Mariano Charlier

Personal information
- Date of birth: 20 April 1974 (age 51)
- Place of birth: Mar del Plata, Argentina

Youth career
- Years: Team
- Independiente MdP [es]

Managerial career
- Independiente MdP [es] (youth)
- 2010–2012: Unión de Mar del Plata (assistant)
- 2013–2014: Independiente MdP [es] (youth)
- 2015–2021: Independiente MdP [es]
- 2021–2022: Aldosivi (youth)
- 2023–2025: Aldosivi (reserves)
- 2023: Aldosivi (interim)
- 2025: Aldosivi (interim)
- 2025: Aldosivi

= Mariano Charlier =

Argentine football manager

Mariano Charlier (born 20 April 1974) is an Argentine football manager.

==Career==
Born in Mar del Plata, Charlier began his career managing the youth sides of hometown club Independiente de Mar del Plata, where he also played as a youth. After leaving the club to work as an assistant at Unión de Mar del Plata, he later returned to the side and was promoted to first team manager in 2015.

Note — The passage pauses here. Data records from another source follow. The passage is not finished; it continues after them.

(* Let $A,B,C$ share a tripartite quantum state $\rho$ and let each party have two dichotomic observables $A_1,A_2$, $B_1,B_2$, $C_1,C_2$ with eigenvalues $\pm1$. For $\alpha\ge1$ define $$\widetilde{I}^{\alpha}_{AB}=\alpha(\langle A_1B_1\rangle+\langle A_1B_2\rangle)+\langle A_2B_1\rangle-\langle A_2B_2\rangle,$$ and $\widetilde{I}^{\alpha}_{AC}$ analogously with $B$ replaced by $C$, where $\langle XY\rangle=\mathrm{Tr}[\rho\,(X\otimes Y)]$ (identity on the remaining party). Then for every $\alpha\ge1$, $$\alpha^2\max\{(\widetilde{I}^{\alpha}_{AB})^2,(\widetilde{I}^{\alpha}_{AC})^2\}+\min\{(\widetilde{I}^{\alpha}_{AB})^2,(\widetilde{I}^{\alpha}_{AC})^2\}\le 4\alpha^2(1+\alpha^2)$$ and $$(\widetilde{I}^{\alpha}_{AB})^2+4\langle A_iC_j\rangle^2\le 4(1+\alpha^2)\quad\text{for all } i,j\in\{1,2\}.$$ *)

(* finite-dimensional quantum mechanics over a numeric closed
   field C (e.g. the complex numbers). *)
From HB Require Import structures.
From mathcomp Require Import all_boot all_order all_algebra.
From mathcomp Require Import mxtens.

Set Implicit Arguments.
Unset Strict Implicit.
Unset Printing Implicit Defensive.

Import Order.TTheory GRing.Theory Num.Theory.
Local Open Scope ring_scope.

Definition adjmx (C : numClosedFieldType) m n (M : 'M[C]_(m, n)) : 'M[C]_(n, m) :=
  map_mx Num.conj (trmx M).

Definition hermitian (C : numClosedFieldType) n (M : 'M[C]_n) : Prop :=
  adjmx M = M.

Definition psd (C : numClosedFieldType) n (M : 'M[C]_n) : Prop :=
  forall v : 'cV[C]_n, 0 <= (adjmx v *m M *m v) 0 0.

Definition density (C : numClosedFieldType) n (rho : 'M[C]_n) : Prop :=
  [/\ hermitian rho, psd rho & \tr rho = 1].

Definition dichotomic (C : numClosedFieldType) n (X : 'M[C]_n) : Prop :=
  hermitian X /\ (forall a : C, eigenvalue X a -> a = 1 \/ a = -1).
(* Let $C,A_1,\dots,A_m\in\mathbb{S}^n$, $b\in\mathbb{R}^m$, and write $\mathcal{L}(y)=C-\sum_{i=1}^my_iA_i$. Let $(U,V)\in\mathbb{R}^{n\times n}$ be invertible with $U\in\mathbb{R}^{n\times d}$, $V\in\mathbb{R}^{n\times(n-d)}$, $U^TV=0$. Consider the problem (R/D-SDP): minimize $C\cdot X$ subject to $A_i\cdot X=b_i$ ($i=1,\dots,m$) and $X=(U,V)\begin{pmatrix}W&Z\\Z^T&R\end{pmatrix}(U,V)^T$ with $W\in\mathbb{S}^d_+$, $R\in\mathbb{S}^{n-d}$, $Z\in\mathbb{R}^{d\times(n-d)}$. Assume (R/D-SDP) has an optimal solution and that $$\{y\in\mathbb{R}^m: V^T\mathcal{L}(y)V=0\}=\{y\in\mathbb{R}^m: V^T\mathcal{L}(y)V=0,\ V^T\mathcal{L}(y)U=0\}.$$ Then (R/D-SDP) has an optimal solution with $Z=0$.
   Context: $\mathbb{S}^n$ is the space of real symmetric $n\times n$ matrices with trace inner product $A\cdot B=\operatorname{trace}(AB)$; $\mathbb{S}^d_+$ is the positive semidefinite cone. *)

From HB Require Import structures.
From mathcomp Require Import all_boot all_order all_algebra.
From mathcomp Require Import reals.
Set Implicit Arguments. Unset Strict Implicit. Unset Printing Implicit Defensive.
Import Order.TTheory GRing.Theory Num.Theory.
Local Open Scope ring_scope.

Section Defs.
Variable R : realType.

Definition symmx (n : nat) (A : 'M[R]_n) : Prop := A^T = A.

Definition psdmx (n : nat) (A : 'M[R]_n) : Prop :=
  symmx A /\ forall x : 'cV[R]_n, 0 <= (x^T *m A *m x) 0 0.

Definition mxdot (n : nat) (A B : 'M[R]_n) : R := \tr (A *m B).

Definition Lmap (n m : nat) (C : 'M[R]_n) (A : 'I_m -> 'M[R]_n) (y : 'I_m -> R)
  : 'M[R]_n := C - \sum_(i < m) y i *: A i.

(* X = (U,V) [W Z; Z^T Rm] (U,V)^T ; here n = d + k, k = n - d *)
Definition facemx (d k : nat) (U : 'M[R]_(d + k, d)) (V : 'M[R]_(d + k, k))
  (W : 'M[R]_d) (Z : 'M[R]_(d, k)) (Rm : 'M[R]_k) : 'M[R]_(d + k) :=
  row_mx U V *m block_mx W Z Z^T Rm *m (row_mx U V)^T.

Definition RD_feasible (d k m : nat) (A : 'I_m -> 'M[R]_(d + k)) (b : 'I_m -> R)
  (U : 'M[R]_(d + k, d)) (V : 'M[R]_(d + k, k))
  (W : 'M[R]_d) (Z : 'M[R]_(d, k)) (Rm : 'M[R]_k) : Prop :=
  psdmx W /\ symmx Rm /\
  forall i : 'I_m, mxdot (A i) (facemx U V W Z Rm) = b i.

Definition RD_optimal (d k m : nat) (C : 'M[R]_(d + k))
  (A : 'I_m -> 'M[R]_(d + k)) (b : 'I_m -> R)
  (U : 'M[R]_(d + k, d)) (V : 'M[R]_(d + k, k))
  (W : 'M[R]_d) (Z : 'M[R]_(d, k)) (Rm : 'M[R]_k) : Prop :=
  RD_feasible A b U V W Z Rm /\
  forall (W' : 'M[R]_d) (Z' : 'M[R]_(d, k)) (Rm' : 'M[R]_k),
    RD_feasible A b U V W' Z' Rm' ->
    mxdot C (facemx U V W Z Rm) <= mxdot C (facemx U V W' Z' Rm').

End Defs.

(* The R-block of the face is constrained only by symmetry, so optimality forces
   V^T C V to be orthogonal to every symmetric T with tr (V^T A_i V T) = 0 for
   all i; hence V^T C V lies in the span of the V^T A_i V, i.e. some y has
   V^T L(y) V = 0.  The hypothesis then gives V^T L(y) U = 0, so on the feasible
   set the objective is tr (U^T L(y) U W) + b.y and depends on W alone.  Applied
   to y + z, the hypothesis also shows that every linear relation among the
   V^T A_i V holds among the V^T A_i U; by linear duality the contribution of Z
   to the constraints can then be absorbed into a new R-block, which yields a
   feasible point with Z = 0, the same W, and therefore the same optimal value. *)

From HB Require Import structures.
From mathcomp Require Import all_boot all_order all_algebra.
From mathcomp Require Import reals lra ring.
Set Implicit Arguments. Unset Strict Implicit.
Import Order.TTheory GRing.Theory Num.Theory.
Local Open Scope ring_scope.

Section TraceDuality.
Variable R : realType.

Lemma rowspace_of_ker_sub p q (G : 'M[R]_(p, q)) (c : 'rV_q) :
  (forall x : 'cV_q, G *m x = 0 -> c *m x = 0) -> exists y : 'rV_p, c = y *m G.
Proof.
move=> kerGc; exists (c *m pinvmx G); rewrite mulmxKpV // submxE.
apply/eqP/matrixP => i j; rewrite [RHS]mxE.
have := kerGc (cokermx G *m delta_mx j 0).
rewrite mulmxA mulmx_coker mul0mx => /(_ erefl).
by rewrite mulmxA -colE => /matrixP/(_ i 0); rewrite !mxE.
Qed.

Lemma mxtrace_mul_trmx_sym n (B S : 'M[R]_n) :
  B^T = B -> \tr (B *m S) = \tr (B *m S^T).
Proof. by move=> symB; rewrite -mxtrace_tr trmx_mul symB mxtrace_mulC. Qed.

Lemma mxtrace_mul_trmxE p q (X S : 'M[R]_(p, q)) :
  \tr (X *m S^T) = (mxvec X *m (mxvec S)^T) 0 0.
Proof.
rewrite /mxtrace mxE.
under eq_bigr do rewrite mxE.
under [RHS]eq_bigr do rewrite mxE.
under eq_bigr do under eq_bigr do rewrite mxE.
rewrite pair_big /= (reindex (fun ij : 'I_p * 'I_q => mxvec_index ij.1 ij.2)) /=.
  by apply: eq_bigr => -[i j] _ /=; rewrite !mxvecE.
case: (curry_mxvec_bij p q) => g gK Kg; exists g => [[i j]|l] _ /=.
  exact: (gK (i, j)).
by case: (g l) (Kg l isT).
Qed.

Variables (p q m : nat) (B : 'I_m -> 'M[R]_(p, q)).

Definition mxvec_rows : 'M[R]_(m, p * q) := \matrix_(i, j) mxvec (B i) 0 j.

Lemma mxvec_rows_mulE (x : 'cV_(p * q)) i :
  (mxvec_rows *m x) i 0 = (mxvec (B i) *m x) 0 0.
Proof. by rewrite !mxE; apply: eq_bigr => j _; rewrite mxE. Qed.

Lemma mul_mxvec_rows (z : 'rV_m) :
  z *m mxvec_rows = mxvec (\sum_i z 0 i *: B i).
Proof.
apply/rowP => j; rewrite linear_sum summxE !mxE.
by apply: eq_bigr => i _; rewrite linearZ !mxE.
Qed.

Lemma span_of_trace_annihilator (X : 'M[R]_(p, q)) :
  (forall S, (forall i, \tr (B i *m S^T) = 0) -> \tr (X *m S^T) = 0) ->
  exists y : 'I_m -> R, X = \sum_i y i *: B i.
Proof.
move=> annX.
have /rowspace_of_ker_sub [y Xy] :
    forall x : 'cV_(p * q), mxvec_rows *m x = 0 -> mxvec X *m x = 0.
  move=> x Gx; apply/rowP => j; rewrite ord1 [RHS]mxE.
  have := annX (vec_mx x^T); rewrite mxtrace_mul_trmxE vec_mxK trmxK => -> // i.
  by rewrite mxtrace_mul_trmxE vec_mxK trmxK -mxvec_rows_mulE Gx mxE.
by exists (y 0); apply: (can_inj mxvecK); rewrite Xy mul_mxvec_rows.
Qed.

Lemma trace_system_solvable (c : 'I_m -> R) :
  (forall z : 'I_m -> R, \sum_i z i *: B i = 0 -> \sum_i z i * c i = 0) ->
  exists S : 'M[R]_(p, q), forall i, \tr (B i *m S^T) = c i.
Proof.
move=> relc.
have /rowspace_of_ker_sub [y cy] :
    forall x : 'cV_m, mxvec_rows^T *m x = 0 -> \row_i c i *m x = 0.
  move=> x /(congr1 trmx); rewrite trmx_mul trmxK mul_mxvec_rows trmx0.
  move=> /(congr1 vec_mx); rewrite mxvecK linear0 => /relc zc.
  apply/rowP => j; rewrite ord1 !mxE -[RHS]zc.
  by apply: eq_bigr => i _; rewrite !mxE mulrC.
exists (vec_mx y) => i; rewrite mxtrace_mul_trmxE vec_mxK.
have /rowP/(_ i) := cy; rewrite mxE => ->.
by rewrite -mxvec_rows_mulE -[mxvec_rows in LHS]trmxK -trmx_mul mxE.
Qed.

End TraceDuality.

Section Lmap.
Variables (R : realType) (n m : nat) (C : 'M[R]_n) (A : 'I_m -> 'M[R]_n).

Lemma trmx_conj_sym p q (M : 'M[R]_n) (X : 'M[R]_(n, p)) (Y : 'M[R]_(n, q)) :
  symmx M -> (X^T *m M *m Y)^T = Y^T *m M *m X.
Proof. by move=> symM; rewrite !trmx_mul trmxK symM mulmxA. Qed.

Lemma mulmx_Lmap p q (X : 'M[R]_(p, n)) (Y : 'M[R]_(n, q)) y :
  X *m Lmap C A y *m Y = X *m C *m Y - \sum_i y i *: (X *m A i *m Y).
Proof.
rewrite /Lmap mulmxBr mulmxBl mulmx_sumr mulmx_suml; congr (_ - _).
by apply: eq_bigr => i _; rewrite -scalemxAr -scalemxAl.
Qed.

Lemma Lmap_add y z :
  Lmap C A (fun i => y i + z i) = Lmap C A y - \sum_i z i *: A i.
Proof.
by rewrite /Lmap (eq_bigr _ (fun i _ => scalerDl _ _ _)) big_split opprD addrA.
Qed.

Lemma mxdot_Lmap y X :
  mxdot C X = mxdot (Lmap C A y) X + \sum_i y i * mxdot (A i) X.
Proof.
rewrite /mxdot /Lmap mulmxBl (raddfB (@mxtrace R n)) mulmx_suml.
rewrite (raddf_sum (@mxtrace R n)) /=.
under eq_bigr do rewrite -scalemxAl mxtraceZ.
by rewrite subrK.
Qed.

Lemma symmx_Lmap y : symmx C -> (forall i, symmx (A i)) -> symmx (Lmap C A y).
Proof.
move=> symC symA; rewrite /symmx /Lmap linearB /= linear_sum /= symC.
by congr (_ - _); apply: eq_bigr => i _; rewrite linearZ /= symA.
Qed.

End Lmap.

Section FacialReduction.
Variables (R : realType) (d k m : nat).
Variables (C : 'M[R]_(d + k)) (A : 'I_m -> 'M[R]_(d + k)) (b : 'I_m -> R).
Variables (U : 'M[R]_(d + k, d)) (V : 'M[R]_(d + k, k)).

Lemma mxdot_facemx (M : 'M[R]_(d + k)) W Z Rm :
  mxdot M (facemx U V W Z Rm) =
  \tr (U^T *m M *m U *m W) + \tr (U^T *m M *m V *m Z^T)
  + (\tr (V^T *m M *m U *m Z) + \tr (V^T *m M *m V *m Rm)).
Proof.
rewrite /mxdot /facemx !mulmxA mxtrace_mulC !mulmxA.
have -> : (row_mx U V)^T *m M *m row_mx U V = block_mx (U^T *m M *m U)
    (U^T *m M *m V) (V^T *m M *m U) (V^T *m M *m V).
  by rewrite tr_row_mx !mul_col_mx !mul_mx_row -block_mxEv.
by rewrite mulmx_block mxtrace_block !mxtraceD.
Qed.

Lemma mxdot_facemx_addR (M : 'M[R]_(d + k)) W Z Rm s T :
  mxdot M (facemx U V W Z (Rm + s *: T)) =
  mxdot M (facemx U V W Z Rm) + s * \tr (V^T *m M *m V *m T).
Proof. by rewrite !mxdot_facemx mulmxDr mxtraceD -scalemxAr mxtraceZ; ring. Qed.

Hypotheses (symC : symmx C) (symA : forall i, symmx (A i)).

Lemma RD_optimal_face_dual W Z Rm :
  RD_optimal C A b U V W Z Rm -> exists y, V^T *m Lmap C A y *m V = 0.
Proof.
case=> -[psdW [symRm bX]] optX.
pose B i := V^T *m A i *m V.
have /span_of_trace_annihilator [y VCVy] : forall S,
    (forall i, \tr (B i *m S^T) = 0) -> \tr (V^T *m C *m V *m S^T) = 0.
  move=> S BS; pose T := S + S^T.
  have BT i : \tr (B i *m T) = 0.
    rewrite mulmxDr mxtraceD BS addr0.
    by rewrite (mxtrace_mul_trmx_sym S (trmx_conj_sym V V (symA i))) BS.
  have feas s : RD_feasible A b U V W Z (Rm + s *: T).
    split=> //; split=> [|i]; last by rewrite mxdot_facemx_addR BT mulr0 addr0.
    by rewrite /symmx linearD /= linearZ /= symRm /T linearD /= trmxK (addrC S^T).
  have VCVT : \tr (V^T *m C *m V *m T) = 0.
    have := optX _ _ _ (feas 1); have := optX _ _ _ (feas (-1)).
    have := mxdot_facemx_addR C W Z Rm 1 T.
    have := mxdot_facemx_addR C W Z Rm (-1) T.
    lra.
  move: VCVT; rewrite mulmxDr mxtraceD.
  by rewrite (mxtrace_mul_trmx_sym S (trmx_conj_sym V V symC)); lra.
by exists y; rewrite mulmx_Lmap VCVy subrr.
Qed.

Lemma RD_objective_on_face y W Z Rm :
  V^T *m Lmap C A y *m V = 0 -> V^T *m Lmap C A y *m U = 0 ->
  RD_feasible A b U V W Z Rm ->
  mxdot C (facemx U V W Z Rm) =
  \tr (U^T *m Lmap C A y *m U *m W) + \sum_i y i * b i.
Proof.
move=> VLV VLU [_ [_ bX]].
have ULV : U^T *m Lmap C A y *m V = 0.
  by rewrite -(trmx_conj_sym _ _ (symmx_Lmap y symC symA)) VLU trmx0.
rewrite (mxdot_Lmap C A y) mxdot_facemx ULV VLU VLV !mul0mx !mxtrace0 !addr0.
by congr (_ + _); apply: eq_bigr => i _; rewrite bX.
Qed.

Lemma RD_feasible_drop_Z W Z Rm :
  (forall z : 'I_m -> R, \sum_i z i *: (V^T *m A i *m V) = 0 ->
     \sum_i z i *: (V^T *m A i *m U) = 0) ->
  RD_feasible A b U V W Z Rm -> exists Rm', RD_feasible A b U V W 0 Rm'.
Proof.
move=> relVU [psdW [symRm bX]].
pose B i := V^T *m A i *m V.
pose c i := \tr (V^T *m A i *m U *m Z) + \tr (U^T *m A i *m V *m Z^T)
  + \tr (B i *m Rm).
have /trace_system_solvable [S BS] :
    forall z, \sum_i z i *: B i = 0 -> \sum_i z i * c i = 0.
  move=> z Bz.
  have sum_tr p q (X : 'I_m -> 'M[R]_(p, q)) (Y : 'M[R]_(q, p)) :
      \sum_i z i * \tr (X i *m Y) = \tr ((\sum_i z i *: X i) *m Y).
    rewrite mulmx_suml raddf_sum /=; apply: eq_bigr => i _.
    by rewrite -scalemxAl mxtraceZ.
  have zVU := relVU z Bz.
  have zUV : \sum_i z i *: (U^T *m A i *m V) = 0.
    apply: trmx_inj; rewrite trmx0 -zVU linear_sum.
    by apply: eq_bigr => i _; rewrite linearZ /= trmx_conj_sym.
  rewrite /c; under eq_bigr do rewrite !mulrDr.
  by rewrite !big_split /= !sum_tr zVU zUV Bz !mul0mx !mxtrace0 !addr0.
exists (2^-1 *: (S + S^T)); split=> //; split=> [|i].
  by rewrite /symmx linearZ /= linearD /= trmxK addrC.
have BS' : \tr (B i *m (2^-1 *: (S + S^T))) = c i.
  rewrite -scalemxAr mxtraceZ mulmxDr mxtraceD.
  by rewrite (mxtrace_mul_trmx_sym S (trmx_conj_sym V V (symA i))) BS; lra.
rewrite mxdot_facemx trmx0 !mulmx0 !mxtrace0 add0r BS' -(bX i) mxdot_facemx /c.
ring.
Qed.

Lemma face_relations_extend y :
  (forall y', V^T *m Lmap C A y' *m V = 0 -> V^T *m Lmap C A y' *m U = 0) ->
  V^T *m Lmap C A y *m V = 0 ->
  forall z : 'I_m -> R, \sum_i z i *: (V^T *m A i *m V) = 0 ->
    \sum_i z i *: (V^T *m A i *m U) = 0.
Proof.
move=> closed VLV z Bz.
have conj_shift X : V^T *m Lmap C A (fun i => y i + z i) *m X =
    V^T *m Lmap C A y *m X - \sum_i z i *: (V^T *m A i *m X).
  rewrite Lmap_add mulmxBr mulmxBl mulmx_sumr mulmx_suml; congr (_ - _).
  by apply: eq_bigr => i _; rewrite -scalemxAr -scalemxAl.
have /closed : V^T *m Lmap C A (fun i => y i + z i) *m V = 0.
  by rewrite conj_shift VLV Bz subrr.
by rewrite conj_shift closed // sub0r => /eqP; rewrite oppr_eq0 => /eqP.
Qed.

End FacialReduction.

Theorem mainTheorem12 (R : realType) (d k m : nat)
  (C : 'M[R]_(d + k)) (A : 'I_m -> 'M[R]_(d + k)) (b : 'I_m -> R)
  (U : 'M[R]_(d + k, d)) (V : 'M[R]_(d + k, k)) :
  symmx C -> (forall i, symmx (A i)) ->
  row_mx U V \in unitmx ->
  U^T *m V = 0 ->
  (exists W Z Rm, RD_optimal C A b U V W Z Rm) ->
  (forall y : 'I_m -> R,
     V^T *m Lmap C A y *m V = 0 <->
     (V^T *m Lmap C A y *m V = 0 /\ V^T *m Lmap C A y *m U = 0)) ->
  exists (W : 'M[R]_d) (Rm : 'M[R]_k), RD_optimal C A b U V W 0 Rm.
Proof.
move=> symC symA _ _ [W [Z [Rm optX]]] closed_iff.
have closed y : V^T *m Lmap C A y *m V = 0 -> V^T *m Lmap C A y *m U = 0.
  by move=> /(closed_iff y).1 [].
have [y VLV] := RD_optimal_face_dual symC symA optX.
have [Rm' feas'] :=
  RD_feasible_drop_Z symA (face_relations_extend closed VLV) optX.1.
have VLU := closed y VLV.
exists W, Rm'; split=> // W2 Z2 R2 feas2.
rewrite (RD_objective_on_face symC symA VLV VLU feas').
rewrite -(RD_objective_on_face symC symA VLV VLU optX.1).
exact: optX.2 _ _ _ feas2.
Qed.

On 18 February 2021, Charlier left Independiente to join Aldosivi as a youth manager. Promoted to the reserves ahead of the 2023 season, he was appointed interim manager of the first team in September, after Walter Coyette resigned. He managed the club on seven occasions, having five draws and two losses.

After returning to the reserves, Charlier was again named interim of Aldosivi on 11 March 2025, after Andrés Yllana also resigned. On 3 April, after four wins in six matches, he was named as permanent manager of the club until the end of the 2025 Apertura tournament.

On 2 September 2025, Charlier was sacked by Aldosivi.

==Personal life==
During the early stages of his managerial career, Charlier also worked as a lifeguard. His father Ricardo is also involved with football, being a secretary of the Liga Marplatense de Fútbol and also working at Independiente.